Returning to the Super Bowl
The campaign is a splash for Nike, which has skipped the Super Bowl for nearly three decades.
Hubbard said the decision to return was largely influenced by the fact that there are “very few shared cultural moments anymore,” and that Nike wants to show up in both “the biggest sport moments and the smallest sport moments.”
Before its 27-year hiatus, Nike was a regular Super Bowl advertiser, consistently delivering ads with longtime creative partner Wieden+Kennedy, Ad Age senior reporter Adrianne Pasquarelli notes.

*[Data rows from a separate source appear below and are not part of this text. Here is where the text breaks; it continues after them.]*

Lemma inner_product_mx1 : inner_product_mx (1%:M : 'M[R]_n).
Proof.
split=> [|v nz_v]; first exact: tr_scalar_mx.
rewrite lt_def sqnorm_ge0 andbT; apply: contra nz_v => /eqP.
by move/sqnorm_eq0 ->.
Qed.

Lemma sqnormZ a v : sqnorm (a *: v) = a ^+ 2 * sqnorm v.
Proof. by rewrite /sqnorm ipZl ipZr mulrA expr2. Qed.

Lemma sqnormN v : sqnorm (- v) = sqnorm v.
Proof. by rewrite /sqnorm ipNl ipNr opprK. Qed.

Lemma sqnormB_sym u v : sqnorm (u - v) = sqnorm (v - u).
Proof. by rewrite -sqnormN opprB. Qed.

Lemma ip1_le u w : 2 * ip 1%:M u w <= sqnorm u + sqnorm w.
Proof.
have := sqnorm_ge0 (u - w).
by rewrite /sqnorm !(ipDl, ipDr, ipNl, ipNr) (ip1_sym w u); lra.
Qed.

Lemma sqnormD_le u v : sqnorm (u + v) <= 2 * sqnorm u + 2 * sqnorm v.
Proof.
have := ip1_le u v.
by rewrite /sqnorm !(ipDl, ipDr) (ip1_sym v u); lra.
Qed.

(* Young's inequality [2 <u, v> <= s |u|^2 + |v|^2 / s] with [s = 1 / (1 + t)]. *)
Lemma sqnormB_ge t u v : 0 < t ->
  t / (1 + t) * sqnorm u - t * sqnorm v <= sqnorm (u - v).
Proof.
move=> t_gt0; have t1_gt0 : 0 < 1 + t by lra.
have sq_rest := sqnorm_ge0 (u - (1 + t) *: v).
have decomp : (1 + t) * sqnorm (u - v) = t * sqnorm u - t * (1 + t) * sqnorm v
                                        + sqnorm (u - (1 + t) *: v).
  by rewrite /sqnorm !(ipDl, ipDr, ipNl, ipNr, ipZl, ipZr) (ip1_sym v u); ring.
rewrite -(ler_pM2l t1_gt0) decomp mulrBr mulrA mulrCA divff ?gt_eqF //.
lra.
Qed.

Lemma sqnorm_mulmx_le M X : inner_product_mx M ->
  exists2 c, 0 <= c & forall v, sqnorm (v *m X) <= c * ip M v v.
Proof.
move=> ipM; have M_unit := ip_unitmx ipM.
pose f j := (invmx M *m col j X)^T.
have ip_f v j : ip M v (f j) = (v *m X) 0 j.
  rewrite /ip /f trmxK mulmxA -(mulmxA v) mulmxV // mulmx1.
  by rewrite !mxE; apply: eq_bigr => k _; rewrite !mxE.
exists (\sum_j ip M (f j) (f j)); first by rewrite sumr_ge0 // => j _; exact: ip_ge0.
move=> v; rewrite sqnormE mulr_suml; apply: ler_sum => j _.
by rewrite mulrC -ip_f ip_Cauchy_Schwarz.
Qed.

Lemma ip_le_sqnorm M : exists2 c, 0 <= c & forall v, ip M v v <= c * sqnorm v.
Proof.
have [c c_ge0 le_c] := sqnorm_mulmx_le M inner_product_mx1.
exists ((c + 1) / 2) => [|v]; first lra.
have ipE : ip M v v = ip 1%:M (v *m M) v by rewrite /ip mulmx1.
have := ip1_le (v *m M) v; have := le_c v; rewrite -ipE -/(sqnorm v).
have := sqnorm_ge0 v; lra.
Qed.

End InnerProduct.

Definition decays_under (R : realType) (n : nat) (S B : 'M[R]_n) (c r : R) :=
  forall v : 'rV[R]_n, (v <= B)%MS ->
    forall k, sqnorm (v *m S ^+ k) <= c * r ^+ k * sqnorm v.

Lemma stablemx_sum_seq (F : fieldType) (n : nat) (I : Type) (s : seq I)
    (P : pred I) (V_ : I -> 'M[F]_n) (f : 'M[F]_n) :
  (forall i, P i -> stablemx (V_ i) f) -> stablemx (\sum_(i <- s | P i) V_ i)%MS f.
Proof.
move=> stV; elim/big_ind: _ => [|X Y|//]; first exact: stable0mx.
exact: stableDmx.
Qed.

Section EigenFamily.
Variables (R : realType) (n : nat) (S : 'M[R]_n) (V : R -> 'M[R]_n).
Hypothesis SV : forall b, V b *m S = b *: V b.
Implicit Types (v x y : 'rV[R]_n) (s : seq R).

Lemma eigen_family_mul b v : (v <= V b)%MS -> v *m S = b *: v.
Proof. by case/submxP => x ->; rewrite -mulmxA SV scalemxAr. Qed.

Lemma eigen_family_exp b v k : (v <= V b)%MS -> v *m S ^+ k = b ^+ k *: v.
Proof.
move=> vV; elim: k => [|k IHk]; first by rewrite !expr0 mulmx1 scale1r.
by rewrite exprSr -mulmxE mulmxA IHk -scalemxAl (eigen_family_mul vV) scalerA -exprSr.
Qed.

Lemma stablemx_eigen_family b c : stablemx (V b) (S - c%:M).
Proof. by rewrite mulmxBr SV mul_mx_scalar -scalerBl scalemx_sub. Qed.

Definition annihilator s : 'M[R]_n := \prod_(c <- s) (S - c%:M).

Lemma annihilator_sum s v : (v <= \sum_(a <- s) V a)%MS -> v *m annihilator s = 0.
Proof.
elim: s v => [|b s IHs] v; first by rewrite big_nil submx0 => /eqP ->; rewrite mul0mx.
rewrite /annihilator !big_cons -mulmxE => /sub_addsmxP[[x y] /= ->].
have stab : stablemx (\sum_(a <- s) V a) (S - b%:M).
  exact: stablemx_sum_seq (fun a _ => stablemx_eigen_family a b).
rewrite mulmxA mulmxDl [X in X + _]mulmxBr (eigen_family_mul (submxMl x (V b))).
rewrite mul_mx_scalar subrr mulmxDl mul0mx add0r; apply: IHs.
exact: submx_trans (submxMr _ (submxMl y _)) stab.
Qed.
(* Bayes-Nash equilibrium of Gamma(B,n) (ex-ante formulation; since every
   signal has positive probability this is equivalent to interim optimality). *)
Definition is_BNE (p : R) (B n : nat) (sigma : 'I_n -> bool -> R) : Prop :=
  (forall i, valid_strategy (sigma i)) /\
  (forall (i : 'I_n) (tau : bool -> R), valid_strategy tau ->
     exp_payoff p B (deviate sigma i tau) i <= exp_payoff p B sigma i).

Definition nontrivial (p : R) (B n : nat) (sigma : 'I_n -> bool -> R) : Prop :=
  0 < prob_funded p B sigma.

Definition sym_profile (n : nat) (l : R) : 'I_n -> bool -> R :=
  fun _ s => if s then 1 else l.

(* l = lambda(B,n): (1, l) is the (unique) symmetric non-trivial BNE, l in [0,1) *)
Definition is_lambda (p : R) (B n : nat) (l : R) : Prop :=
  0 <= l < 1 /\ is_BNE p B (@sym_profile n l) /\ nontrivial p B (@sym_profile n l).

End Crowdfunding.

From HB Require Import structures.
From mathcomp Require Import all_boot all_order all_algebra.
From mathcomp Require Import all_classical all_reals all_analysis.
#[warning="-warn-library-file-internal-analysis"]
From mathcomp Require Import unstable.
From mathcomp Require Import ring lra zify.
Set Implicit Arguments. Unset Strict Implicit. Unset Printing Implicit Defensive.
Import Order.TTheory GRing.Theory Num.Theory.
Import numFieldNormedType.Exports.
Local Open Scope classical_set_scope.
Local Open Scope ring_scope.

(** In the symmetric profile (1, l) a player's payoff is linear in her own
   strategy, and the coefficient of her investment after signal L is
   (1 - p) T_H - p T_L, where T_w is the probability that at least B - 1 of the
   other n - 1 players invest in state w: a binomial tail with success
   probability a_H = p + (1 - p) l, resp. a_L = 1 - p + p l.  Equilibrium thus
   forces (1 - p) T_H <= p T_L, with equality when l > 0.

   Binomial tails obey a Chernoff-type bound, obtained from the monotone
   likelihood ratio, weighted AM-GM and the Bhattacharyya coefficient: they are
   exponentially close to 1 (resp. 0) when the success probability exceeds
   (resp. falls short of) B/n by a fixed margin, and T_L / T_H is exponentially
   small when a_H - a_L is bounded below and B/n is not far below a_H.  Hence
   a_L can neither exceed q by a margin (then p T_L is close to p > 1 - p) nor,
   when q > 1 - p, fall short of q by a margin (then p T_L is negligible against
   (1 - p) T_H); so a_L tends to max(q, 1 - p). *)

Lemma AGM_weighted2 (F : realFieldType) (u v : F) k m : 0 <= u -> 0 <= v -> (k <= m)%N ->
  u ^+ k * v ^+ (m - k) <= ((k%:R * u + (m - k)%:R * v) / m%:R) ^+ m.
Proof.
move=> u0 v0 km.
pose E (i : 'I_k + 'I_(m - k)) := if i is inl _ then u else v.
have := (@leif_AGM F _ (fun=> true) E (fun i _ => if i is inl _ then u0 else v0)).1.
rewrite (@eq_card _ _ predT) // card_sum !card_ord subnKC //.
rewrite [\prod_(i in _) _]big_mkcond [\sum_(i in _) _]big_mkcond !big_sumType /=.
rewrite prodr_const card_ord prodr_const card_ord.
have sum_const n (x : F) : \sum_(i < n) x = n%:R * x by rewrite sumr_const card_ord mulr_natl.
by rewrite !sum_const.
Qed.

Lemma bhattacharyya_le (F : rcfType) (a y : F) : 0 <= a <= 1 -> 0 <= y <= 1 ->
  Num.sqrt a * Num.sqrt y + Num.sqrt (1 - a) * Num.sqrt (1 - y) <= 1 - (a - y) ^+ 2 / 8.
Proof.
move=> /andP[a0 a1] /andP[y0 y1].
have sqrt_sq (x : F) : 0 <= x -> Num.sqrt x ^+ 2 = x by move=> ?; rewrite sqr_sqrtr.
set A := Num.sqrt a; set Y := Num.sqrt y.
set A' := Num.sqrt (1 - a); set Y' := Num.sqrt (1 - y).
have [A0 Y0] : 0 <= A /\ 0 <= Y by rewrite !sqrtr_ge0.
have [A1 Y1] : A <= 1 /\ Y <= 1 by rewrite -sqrtr1 !ler_wsqrtr.
have hA : A ^+ 2 + A' ^+ 2 = 1 by rewrite !sqrt_sq ?subr_ge0 // addrC subrK.
have hY : Y ^+ 2 + Y' ^+ 2 = 1 by rewrite !sqrt_sq ?subr_ge0 // addrC subrK.
have <- : A ^+ 2 = a by rewrite sqrt_sq.
have <- : Y ^+ 2 = y by rewrite sqrt_sq.
have gap : (A - Y) ^+ 2 + (A' - Y') ^+ 2 =
    (A ^+ 2 + A' ^+ 2) + (Y ^+ 2 + Y' ^+ 2) - 2 * (A * Y + A' * Y') by ring.
rewrite hA hY in gap.
have sum_sq : (A + Y) ^+ 2 <= 4 by nra.
have diff_sq : (A ^+ 2 - Y ^+ 2) ^+ 2 <= 4 * (A - Y) ^+ 2.
  by rewrite subr_sqr exprMn mulrC ler_wpM2r // sqr_ge0.
have := sqr_ge0 (A' - Y'); lra.
Qed.

Section BinomialTail.
Variable R : realType.
Implicit Types (a : R) (m k j : nat).

Definition binomial_tail m a k : R := \sum_(j < m.+1 | (k <= j)%N) binomial_pmf m a j.

Lemma binomial_pmf_sum m a : \sum_(j < m.+1) binomial_pmf m a j = 1.
Proof.
rewrite -[RHS](expr1n _ m) -[1 in RHS](add_onemK a) addrC exprDn.
by apply: eq_bigr => j _; rewrite /binomial_pmf mulrC.
Qed.

Lemma binomial_pmf_onem m a j : (j <= m)%N ->
  binomial_pmf m a.~ (m - j) = binomial_pmf m a j.
Proof. by move=> jm; rewrite /binomial_pmf onemK subKn // bin_sub // mulrC. Qed.

Lemma binomial_tail_onem m a k :
  binomial_tail m a k + binomial_tail m a.~ (m.+1 - k) = 1.
Proof.
rewrite -(binomial_pmf_sum m a) (bigID (fun j : 'I_m.+1 => k <= j)%N) /=.
congr (_ + _); rewrite /binomial_tail (reindex_inj rev_ord_inj) /=.
apply: eq_big => [j|j _]; last by rewrite subSS binomial_pmf_onem // -ltnS.
by have := ltn_ord j; rewrite subSS -ltnNge; lia.
Qed.

Lemma binomial_tail_ge0 m a k : 0 <= a <= 1 -> 0 <= binomial_tail m a k.
Proof. by move=> a01; apply: sumr_ge0 => j _; exact: binomial_pmf_ge0. Qed.

Lemma binomial_tail_le1 m a k : 0 <= a <= 1 -> binomial_tail m a k <= 1.
Proof.
case/andP=> a0 a1; rewrite -(binomial_tail_onem m a k) lerDl binomial_tail_ge0 //.
by rewrite onem_ge0 // onem_le1.
Qed.

Lemma binomial_tail_gt0 m a k : 0 < a <= 1 -> (k <= m)%N -> 0 < binomial_tail m a k.
Proof.
case/andP=> a0 a1 km; rewrite /binomial_tail (bigD1 ord_max) //=.
rewrite ltr_pwDl //; last by apply: sumr_ge0 => j _; rewrite binomial_pmf_ge0 // ltW.
by rewrite /binomial_pmf subnn expr0 mulr1 binn mulr1n exprn_gt0.
Qed.

Lemma binomial_tail_eq0 m a k : (m < k)%N -> binomial_tail m a k = 0.
Proof.
move=> mk; rewrite /binomial_tail big_pred0 // => j.
by apply/negbTE; rewrite -ltnNge (leq_trans (ltn_ord j)).
Qed.

End BinomialTail.

Section LikelihoodRatio.
Variable R : realType.
Implicit Types (a y eta : R) (m k j : nat).

Lemma expr_ratio_antitone (r s : R) m k j : 0 <= r <= 1 -> 1 <= s -> (k <= j <= m)%N ->
  r ^+ j * s ^+ (m - j) <= r ^+ k * s ^+ (m - k).
Proof.
case/andP=> r0 r1 s1 /andP[kj jm].
rewrite -(subnKC kj) -[(m - k)%N](@subnK (j - k)) ?subnDA; last by lia.
rewrite !exprD -mulrA ler_wpM2l ?exprn_ge0 // mulrC ler_wpM2l ?exprn_ge0 //.
  exact: le_trans ler01 s1.
exact: le_trans (exprn_ile1 _ r0 r1) (exprn_ege1 _ s1).
Qed.

Lemma binomial_pmf_ratio m a y j : 0 < y < 1 ->
  binomial_pmf m a j = binomial_pmf m y j * ((a / y) ^+ j * (a.~ / y.~) ^+ (m - j)).
Proof.
case/andP=> y0 y1.
have yj : y ^+ j != 0 by rewrite expf_neq0 // gt_eqF.
have ymj : y.~ ^+ (m - j) != 0 by rewrite expf_neq0 // gt_eqF // onem_gt0.
rewrite /binomial_pmf !expr_div_n mulrnAl; congr (_ *+ _).
by field; rewrite ymj yj.
Qed.

Lemma binomial_tail_le_ratio m k a y : 0 <= a <= y -> 0 < y < 1 -> (k <= m)%N ->
  binomial_tail m a k <= (a / y) ^+ k * (a.~ / y.~) ^+ (m - k) * binomial_tail m y k.
Proof.
case/andP=> a0 ay y01 km; have /andP[y0 y1] := y01.
rewrite /binomial_tail mulr_sumr; apply: ler_sum => j kj.
have y01w : 0 <= y <= 1 by rewrite !ltW.
rewrite (binomial_pmf_ratio _ _ _ y01) mulrC ler_wpM2r ?binomial_pmf_ge0 //.
apply: expr_ratio_antitone.
- by rewrite divr_ge0 ?ler_pdivrMr ?mul1r // ltW.
- by rewrite ler_pdivlMr ?onem_gt0 // mul1r lerB.
- by rewrite kj -ltnS ltn_ord.
Qed.


Lemma weighted_mean_le (u v y eta : R) k m : 0 <= u <= v -> 0 <= eta ->
  (0 < m)%N -> (k <= m)%N -> (y - eta) * m%:R <= k%:R ->
  (k%:R * u + (m - k)%:R * v) / m%:R <= y * u + (1 - y) * v + eta * v.
Proof.
move=> /andP[u0 uv] eta0 m0 km hk; rewrite natrB // ler_pdivrMr ?ltr0n //.
have : 0 <= (k%:R - (y - eta) * m%:R) * (v - u) by rewrite mulr_ge0 // subr_ge0.
have : 0 <= eta * m%:R * u by rewrite mulr_ge0 // mulr_ge0.
nra.
Qed.

(* With a/y = u^2 and a.~/y.~ = v^2, weighted AM-GM bounds u^k v^(m-k) by the
   weighted mean of u and v, which is at most the Bhattacharyya coefficient
   sqrt(a y) + sqrt(a.~ y.~) up to the slack eta. *)
Lemma likelihood_ratio_le m k (a y eta : R) : 0 <= a <= y -> 0 < y < 1 -> 0 <= eta ->
  (0 < m)%N -> (k <= m)%N -> (y - eta) * m%:R <= k%:R ->
  (a / y) ^+ k * (a.~ / y.~) ^+ (m - k) <= (1 - (y - a) ^+ 2 / 8 + eta / y.~) ^+ (2 * m).
Proof.
case/andP=> a0 ay /andP[y0 y1] eta0 m0 km hk.
have [a1 y'0] : a <= 1 /\ 0 < y.~ by rewrite onem_gt0 // (le_trans ay) // ltW.
set Y := Num.sqrt y; set Y' := Num.sqrt y.~; set A := Num.sqrt a; set A' := Num.sqrt a.~.
have [Y0 Y'0] : 0 < Y /\ 0 < Y' by rewrite !sqrtr_gt0.
have [YY Y'Y'] : Y ^+ 2 = y /\ Y' ^+ 2 = y.~ by rewrite !sqr_sqrtr // ltW.
set u := A / Y; set v := A' / Y'.
have [u0 v0] : 0 <= u /\ 0 <= v by rewrite !divr_ge0 ?sqrtr_ge0 // ltW.
have u1 : u <= 1 by rewrite ler_pdivrMr // mul1r ler_wsqrtr.
have v1 : 1 <= v by rewrite ler_pdivlMr // mul1r ler_wsqrtr // lerB.
have v_le : v <= y.~^-1.
  have [A'1 Y'1] : A' <= 1 /\ Y' <= 1 by rewrite -sqrtr1 !ler_wsqrtr // onem_le1 // ltW.
  rewrite -[_^-1]mul1r ler_pdivlMr // -Y'Y' expr2 mulrA divfK ?gt_eqF //.
  by rewrite mulr_ile1 ?sqrtr_ge0 // ltW.
have bhat : y * u + y.~ * v <= 1 - (y - a) ^+ 2 / 8.
  have sq_mul_div (X Z : R) : 0 < Z -> Z ^+ 2 * (X / Z) = X * Z.
    by move=> Z0; field; rewrite gt_eqF.
  have -> : y * u + y.~ * v = A * Y + A' * Y' by rewrite -Y'Y' -YY !sq_mul_div.
  by rewrite -sqrrN opprB bhattacharyya_le // ?a0 ?a1 ?ltW.
have mean0 : 0 <= (k%:R * u + (m - k)%:R * v) / m%:R.
  by rewrite divr_ge0 // addr_ge0 // mulr_ge0.
have mean_le : (k%:R * u + (m - k)%:R * v) / m%:R <= 1 - (y - a) ^+ 2 / 8 + eta / y.~.
  have uv : 0 <= u <= v by rewrite u0 (le_trans u1).
  apply: le_trans (weighted_mean_le uv eta0 m0 km hk) _.
  by rewrite lerD // ler_wpM2l.
have -> : a / y = u ^+ 2 by rewrite expr_div_n sqr_sqrtr // YY.
have -> : a.~ / y.~ = v ^+ 2 by rewrite expr_div_n sqr_sqrtr ?onem_ge0 // Y'Y'.
have base0 := le_trans mean0 mean_le.
rewrite !(exprAC _ 2) -exprMn (mulnC 2) exprM lerXn2r ?nnegrE ?mulr_ge0 ?exprn_ge0 //.
apply: le_trans (AGM_weighted2 u0 v0 km) _.
by rewrite lerXn2r ?nnegrE.
Qed.

End LikelihoodRatio.

Section Chernoff.
Variable R : realType.
Implicit Types (a y d eta : R) (m k : nat).

Lemma binomial_tail_ratio_le m k a y d eta : 0 <= a -> a + d <= y -> 0 < y < 1 ->
  0 <= d -> 0 <= eta -> eta / y.~ <= d ^+ 2 / 16 -> (0 < m)%N -> (y - eta) * m%:R <= k%:R ->
  binomial_tail m a k <= (1 - d ^+ 2 / 16) ^+ (2 * m) * binomial_tail m y k.
Proof.
move=> a0 ady y01 d0 eta0 small m0 hk; have /andP[y0 y1] := y01.
have y01w : 0 <= y <= 1 by rewrite !ltW.
have ay : 0 <= a <= y by rewrite a0; lra.
have [km|mk] := leqP k m; last first.
  by rewrite binomial_tail_eq0 // mulr_ge0 ?binomial_tail_ge0 // exprn_even_ge0 // mul2n odd_double.
apply: le_trans (binomial_tail_le_ratio ay y01 km) _.
rewrite ler_wpM2r ?binomial_tail_ge0 //.
apply: le_trans (likelihood_ratio_le ay y01 eta0 m0 km hk) _.
have ya1 : (y - a) ^+ 2 <= 1 by rewrite expr_le1 ?subr_ge0 //; lra.
have dya : d ^+ 2 <= (y - a) ^+ 2 by rewrite lerXn2r ?nnegrE ?subr_ge0 //; lra.
have eta_y : 0 <= eta / y.~ by rewrite divr_ge0 // onem_ge0 // ltW.
rewrite lerXn2r ?nnegrE //; lra.
Qed.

Nike’s 1992 commercial “Hare,” which featured Michael Jordan and Bugs Bunny, is lauded as one of the most memorable of all time, while its 1997 “Super Bowl Party” featured celebrities including Tyra Banks, Spike Lee, Stevie Wonder and Chris Rock as a puppet.
Nike’s last Super Bowl appearance occurred in 1998, when it caused a stir with a spot that ditched clothes for bare skin. The 60-second ad featured basketball player David Robinson and Olympic runners Michael Johnson and Suzy Hamilton, working out, running or otherwise playing their sport naked.
Now, its return to the Big Game comes as Nike seeks to reverse sales struggles amid increased competition.
Recently, the brand launched a series of campaigns backed by striking creative to drive sales, all focused on winning. In July, the brand’s Olympics campaign narrated by Willem Dafoe and featuring longtime stars such as LeBron James and Serena Williams, made the bold assertion that winning is an exclusive art that is not for everyone.
A subsequent running campaign launched in September emphasized the challenge of running in any conditions, asserting that “Winning Isn’t Comfortable.”
The current Super Bowl campaign follows a similar line of thinking, celebrating the grit it takes to win and empowering women athletes who fight against the odds to become winners, explained Hubbard.
“In talking [with the athletes], they felt like, from a societal perspective, winning was getting a losing reputation, and that this idea of being obsessive, being all in on something, being maniacal, going after your goals with a single-minded focus, was becoming a little taboo in society. It felt like our athletes felt that they have this drive in them that isn’t being celebrated in society anymore. That was the impetus of the Olympics campaign,” she told Ad Age. “Winning is so personal, and winning doesn’t have to have one face. It has many different faces. So, this idea of continuing to dimensionalize winning feels like a nice space for us right now.”